Saved entries
Segment Open

(* Let $r\ge1$ and $f\in H^{r+p(r)}(\mathbb T)$. Then for all $\tau>0$, $$\|P_1^\tau(f)\|_r\le C\tau^2\|f\|_{r+p(r)}^2,$$ with $C$ independent of $\tau$ and $f$, where $$P_1^\tau(f)=\sum_{k\neq0}\sum_{k_1+k_2=k}\frac{k_1^2}{k^2}\int_0^\tau\big(e^{-2isk_2^2}-1\big)\big(e^{-2iskk_1}-1\big)ds\,\widehat{\bar f}_{k_1}\widehat{\bar f}_{k_2}e^{ikx}.$$
   Context: $\mathbb{T}=[-\pi,\pi]$ periodic; $\widehat f_k=\frac1{2\pi}\int_{\mathbb T}f(x)e^{-ikx}dx$; $\|f\|_s^2=\sum_k(1+k^2)^s|\widehat f_k|^2$ is the $H^s$ norm; $\bar f$ is the complex conjugate. The function $p$ on $[1,\infty)$: $p(1)=1$; $p(r)=(3-2r)+$ for $1<r\le7/6$; $p(r)=2/3$ for $7/6<r\le17/12$; $p(r)=(7/2-2r)+$ for $17/12<r\le3/2$; $p(r)=5/4-r/2$ for $3/2<r<5/2$; $p(5/2)=0+$; $p(r)=0$ for $r>5/2$. Here $c+$ means: the statement holds with $c+\varepsilon$ in place of $p(r)$ for every sufficiently small $\varepsilon>0$ (the constant may then depend on $\varepsilon$). *)

From Stdlib Require Import Reals ZArith Lra.
From Coquelicot Require Import Coquelicot.
Open Scope R_scope.

(* Sum over Z of a real sequence, enumerated as 0, -1, 1, -2, 2, ... (paired) *)
Definition zpair (a : Z -> R) (n : nat) : R :=
  a (Z.of_nat n) + a (- Z.of_nat (S n))%Z.
Definition zsummable (a : Z -> R) : Prop := ex_series (zpair a).
Definition zsum (a : Z -> R) : R := Series (zpair a).

Definition zsumC (a : Z -> C) : C :=
  (zsum (fun k => Re (a k)), zsum (fun k => Im (a k))).

Definition sob_w (s : R) (k : Z) : R := Rpower (1 + IZR k ^ 2) s.

(* A Fourier coefficient sequence c (c k = \hat g_k) lies in H^s(T) *)
Definition inH (s : R) (c : Z -> C) : Prop :=
  zsummable (fun k => sob_w s k * Cmod (c k) ^ 2).

Definition Hnorm2 (s : R) (c : Z -> C) : R :=
  zsum (fun k => sob_w s k * Cmod (c k) ^ 2).
Definition Hnorm (s : R) (c : Z -> C) : R := sqrt (Hnorm2 s c).

(* Fourier coefficients of the conjugate: \hat{\bar f}_k = conj (\hat f_{-k}) *)
Definition conj_coef (fh : Z -> C) (k : Z) : C := Cconj (fh (- k)%Z).

Definition cexpi (t : R) : C := (cos t, sin t).

Definition Iphase (tau : R) (k k1 k2 : Z) : C :=
  RInt (V := C_R_CompleteNormedModule)
    (fun s => (cexpi (-2 * s * IZR k2 ^ 2) - 1) * (cexpi (-2 * s * IZR k * IZR k1) - 1))%C
    0 tau.

Definition P1coef (tau : R) (fh : Z -> C) (k : Z) : C :=
  if Z.eqb k 0 then 0%C else
  zsumC (fun k1 =>
    let k2 := (k - k1)%Z in
    (RtoC (IZR k1 ^ 2 / IZR k ^ 2) * Iphase tau k k1 k2
      * conj_coef fh k1 * conj_coef fh k2)%C).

Segment Closed

» Your task: Write only the number of lines in the data where the string "Import" can be found.

» Expected output: 2